Sixty votes would be needed for a tax-cut extension to advance in the Senate. Durbin and Conrad spoke to reporters as they emerged from a closed-door meeting of Senate Democrats on the issue. "No bill was presented" on the tax cuts, said Senator Byron Dorgan, a North Dakota Democrat.
White House spokeswoman Amy Brundage accused Republicans of "holding middle-class tax cuts hostage in order to borrow $700 billion for tax breaks to the millionaires and billionaires at a time of record deficits."
"The American people will be reminded of that every day," Brundage said.
Don Stewart, a spokesman for Republican Senate leader Mitch McConnell of Kentucky, blamed the delay on division within the Democrats' ranks.
"If anyone can show me where there's a Democratic bill to hold hostage, I'll buy them lunch," he said.
Senator Charles Grassley of Iowa, the ranking Republican on the Finance Committee, called the move to delay grappling with the tax-cut extension a "dereliction of duty" by Democrats.
A vote on the issue will occur before Jan. 1, said Senator Debbie Stabenow, a Michigan Democrat.
"We will have a vote and have the fight before the end of the year," she said. Democrats "are very committed to extending the middle-class tax cuts but not the top rates because that hasn't created jobs," she said.
The Senate "will come back in November and stay in session as long as it takes to get this done," Jim Manley, a spokesman for Majority Leader Harry Reid of Nevada, said in a statement last night.
Chuck Marr, a tax and budget analyst at the Center on Budget and Policy Priorities, a Washington research group that usually sides ideologically with Democrats, said he expected Congress to reach an extension agreement before the year ends.
"There's a very low probability" all of the tax cuts will expire, Marr said. Aaron said he favors keeping all of the reductions in place for a year or two, and then repeal them all. Some Democratic lawmakers, including Conrad, have endorsed a temporary extension of all the rates.
Paychecks May Shrink
Even if lawmakers decide not to let tax rates rise, Americans' paychecks may shrink temporarily if Congress doesn't act soon.
If Congress doesn't vote in November, the IRS will advise employers to increase deductions from paychecks beginning Jan. 1, according to payroll experts. That's because the IRS needs time to prepare and distribute tables used to calculate withholding taxes, and employers need time to implement them.
Alec Phillips, an economist at Goldman Sachs, calculated in this week's research note that the U.S. gross domestic product would be cut by almost 2 percentage points if Congress doesn't extend the tax cuts, as well as temporary tax credits included in the 2009 stimulus bill and relief from the alternative minimum tax.
Even a temporary lapse in the tax provisions "would essentially wipe out most of the modest growth we expect in the first half of 2011," Phillips wrote. He said in a telephone interview that a higher tax rate in 2011's first two months would have that effect.

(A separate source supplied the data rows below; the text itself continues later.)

(** * Radial functions and the canonical solution *)

(* For k = (n - 2) / 2, [rprof A r k] is u_out as a function of q = |x - x0|^2;
   [rprof1] and [rprof2] are its first two derivatives in q. *)
Definition rprof (A r k q : R) := A * Rpower (r / (q - r ^ 2)) k.
Definition rprof1 (A r k q : R) := - k * rprof A r k q / (q - r ^ 2).
Definition rprof2 (A r k q : R) := k * (k + 1) * rprof A r k q / (q - r ^ 2) ^ 2.

Lemma rprof_gt0 A r k q : 0 < A -> 0 < rprof A r k q.
Proof. by move=> A_gt0; apply: Rmult_lt_0_compat => //; apply: exp_pos. Qed.

(* [q - r ^ 2] as [auto_derive] prints it *)
Lemma sub_sq_eq r q : q + - (r * (r * 1)) = q - r ^ 2.
Proof. by rewrite /=; ring. Qed.

Lemma rprof_derive A r k q : 0 < r -> r ^ 2 < q ->
  derivable_pt_lim (rprof A r k) q (rprof1 A r k q).
Proof.
move=> r_gt0 rq; apply/is_derive_Reals; rewrite /rprof1 /rprof /Rpower.
have pos : 0 < r / (q - r ^ 2) by apply: Rdiv_lt_0_compat; lra.
auto_derive; rewrite sub_sq_eq; first by repeat split; lra.
by rewrite -/(Rdiv r (q - r ^ 2)); field; lra.
Qed.

Lemma rprof1_derive A r k q : 0 < r -> r ^ 2 < q ->
  derivable_pt_lim (rprof1 A r k) q (rprof2 A r k q).
Proof.
move=> r_gt0 rq; apply/is_derive_Reals; rewrite /rprof2 /rprof1 /rprof /Rpower.
have pos : 0 < r / (q - r ^ 2) by apply: Rdiv_lt_0_compat; lra.
auto_derive; rewrite sub_sq_eq; first by repeat split; lra.
by rewrite -/(Rdiv r (q - r ^ 2)); field; lra.
Qed.

Lemma rprof1_cont A r k q : 0 < r -> r ^ 2 < q -> continuity_pt (rprof1 A r k) q.
Proof.
by move=> r_gt0 rq; apply: derivable_continuous_pt; exists (rprof2 A r k q);
  apply: rprof1_derive.
Qed.

Lemma rprof2_cont A r k q : 0 < r -> r ^ 2 < q -> continuity_pt (rprof2 A r k) q.
Proof.
move=> r_gt0 rq; apply: derivable_continuous_pt.
have pos : 0 < r / (q - r ^ 2) by apply: Rdiv_lt_0_compat; lra.
have : ex_derive (rprof2 A r k) q.
  rewrite /rprof2 /rprof /Rpower; auto_derive; rewrite sub_sq_eq.
  by repeat split; try apply: Rmult_integral_contrapositive; lra.
by move=> /Derive_correct /is_derive_Reals dF; exists (Derive (rprof2 A r k) q).
Qed.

Dozens of Democrats in the House and at least five in the Senate have backed extending all the tax cuts for one or two years.
House Republicans, who are vying in November's election to gain the 39 seats they need to take control of the chamber, yesterday announced a governing agenda that includes extending all of the tax cuts.

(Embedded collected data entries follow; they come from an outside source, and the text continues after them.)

(* Let $D$ be an oriented graph and let $u$ be a vertex of $D$ of maximum score. Then every vertex $v \neq u$ of $D$ is weakly reachable within two steps from $u$.
   Context: An oriented graph is a digraph with no loops and no pair of symmetric arcs. For vertices $u,v$ write $u(1\text{-}0)v$ if there is an arc from $u$ to $v$, $u(0\text{-}1)v$ if there is an arc from $v$ to $u$, and $u(0\text{-}0)v$ if there is no arc between $u$ and $v$. If $D$ has $n$ vertices, the score of a vertex $v$ is $s(v) = n-1+d^+(v)-d^-(v)$, where $d^+(v), d^-(v)$ are the out- and indegree of $v$; equivalently $s(v)=2d^+(v)+d^*(v)$ where $d^*(v)$ is the number of vertices $w$ with $v(0\text{-}0)w$. A vertex $v$ is weakly reachable within two steps from $u$ if $u(1\text{-}0)v$, or $u(0\text{-}0)v$, or for some vertex $w$ one has $u(1\text{-}0)w(1\text{-}0)v$, or $u(1\text{-}0)w(0\text{-}0)v$, or $u(0\text{-}0)w(1\text{-}0)v$. *)

From mathcomp Require Import all_boot.
Set Implicit Arguments. Unset Strict Implicit. Unset Printing Implicit Defensive.

Definition oriented (T : finType) (a : rel T) : Prop :=
  (forall v, ~~ a v v) /\ (forall u v, a u v -> ~~ a v u).

Definition nonadj (T : finType) (a : rel T) (u v : T) : bool :=
  [&& u != v, ~~ a u v & ~~ a v u].

Definition outdeg (T : finType) (a : rel T) (v : T) : nat := #|[set w | a v w]|.
Definition indeg (T : finType) (a : rel T) (v : T) : nat := #|[set w | a w v]|.

(* score s(v) = n - 1 + d^+(v) - d^-(v), computed in int to avoid truncation
   (it is always a nonnegative integer). *)
From mathcomp Require Import all_order all_algebra.
Definition score (T : finType) (a : rel T) (v : T) : int :=
  (#|T|.-1)%:Z + (outdeg a v)%:Z - (indeg a v)%:Z.

Definition weakly_reach2 (T : finType) (a : rel T) (u v : T) : Prop :=
  a u v \/ nonadj a u v \/
  exists w, [|| a u w && a w v, a u w && nonadj a w v | nonadj a u w && a w v].

(* Suppose v <> u is not weakly reachable within two steps from u.  Then
   v -> u, every out-neighbour of u is an out-neighbour of v, and every
   in-neighbour of v is an in-neighbour of u, while v itself is an
   in-neighbour of u but not of v.  Hence d^+(u) <= d^+(v) and
   d^-(v) < d^-(u), so s(v) > s(u), contradicting the maximality of s(u). *)
From mathcomp Require Import all_boot all_order all_algebra.
From mathcomp Require Import zify.
Import Order.TTheory GRing.Theory Num.Theory.

Set Implicit Arguments.
Unset Strict Implicit.
Unset Printing Implicit Defensive.

Definition weakly_reach2b (T : finType) (a : rel T) (u v : T) : bool :=
  [|| a u v, nonadj a u v |
      [exists w, [|| a u w && a w v, a u w && nonadj a w v | nonadj a u w && a w v]]].

Lemma weakly_reach2P (T : finType) (a : rel T) (u v : T) :
  reflect (weakly_reach2 a u v) (weakly_reach2b a u v).
Proof.
apply: (iffP or3P) => [[|| /existsP] | [| [| /existsP]]] reach.
- by left.
- by right; left.
- by right; right.
- exact: Or31.
- exact: Or32.
- exact: Or33.
Qed.

Lemma score_lt_of_neighbourhoods (T : finType) (a : rel T) (x y : T) :
  [set w | a x w] \subset [set w | a y w] ->
  [set w | a w y] \proper [set w | a w x] ->
  (score a x < score a y)%R.
Proof.
move=> /subset_leq_card out_le /proper_card in_lt.
rewrite /score /outdeg /indeg; lia.
Qed.

Section Unreachable.

Variables (T : finType) (a : rel T) (u v : T).
Hypothesis a_oriented : oriented a.
Hypothesis v_neq_u : v != u.
Hypothesis unreachable : ~~ weakly_reach2b a u v.

Let a_irr : forall x, ~~ a x x := a_oriented.1.
Let a_asym : forall x y, a x y -> ~~ a y x := a_oriented.2.

Lemma unreachable_not_arc : ~~ a u v.
Proof. by move: unreachable; rewrite negb_or => /andP[]. Qed.

Lemma unreachable_arc : a v u.
Proof.
move: unreachable; rewrite /weakly_reach2b /nonadj eq_sym v_neq_u.
by case: (a u v); case: (a v u).
Qed.

Lemma unreachable_no_path2 w :
  ~~ [|| a u w && a w v, a u w && nonadj a w v | nonadj a u w && a w v].
Proof.
apply: contra unreachable => path_uwv.
by apply/or3P/Or33/existsP; exists w.
Qed.

Lemma unreachable_out_subset : [set w | a u w] \subset [set w | a v w].
Proof.
apply/subsetP => w; rewrite !inE => a_uw.
have := unreachable_no_path2 w; rewrite a_uw /= /nonadj.
case: (a v w) => //; case: (a w v) => //=.
rewrite andbT andbF orbF => /negPn/eqP w_eq_v.
by move: unreachable_not_arc; rewrite -w_eq_v a_uw.
Qed.

Lemma unreachable_in_proper : [set w | a w v] \proper [set w | a w u].
Proof.
apply/properP; split; last by exists v; rewrite !inE ?unreachable_arc ?a_irr.
apply/subsetP => w; rewrite !inE => a_wv.
have not_a_uw : ~~ a u w.
  apply: contraL a_wv => a_uw; apply: a_asym.
  by move/subsetP: unreachable_out_subset => /(_ w); rewrite !inE; apply.
have := unreachable_no_path2 w; rewrite a_wv /= /nonadj !andbT (negbTE not_a_uw) /=.
case: (a w u) => //=; rewrite andbT => /negPn/eqP u_eq_w.
by move: unreachable_not_arc; rewrite u_eq_w a_wv.
Qed.

End Unreachable.

Theorem theorem4 (T : finType) (a : rel T) (u : T) :
  oriented a ->
  (forall x : T, (score a x <= score a u)%R) ->
  forall v : T, v != u -> weakly_reach2 a u v.
Proof.
move=> a_oriented u_max v v_neq_u; apply/weakly_reach2P; apply: contraT => unreachable.
have := score_lt_of_neighbourhoods (unreachable_out_subset unreachable)
  (unreachable_in_proper a_oriented v_neq_u unreachable).
by rewrite ltNge u_max.
Qed.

President Barack Obama has called it "irresponsible" for Congress to extend tax cuts for the higher income Americans because it would cost $700 billion in government revenue when lawmakers are looking to rein in deficits.
"I can't give tax cuts to the top 2 percent of Americans" and "lower the deficit at the same time," he said Sept. 20 during a town hall discussion on jobs and the economy on CNBC television.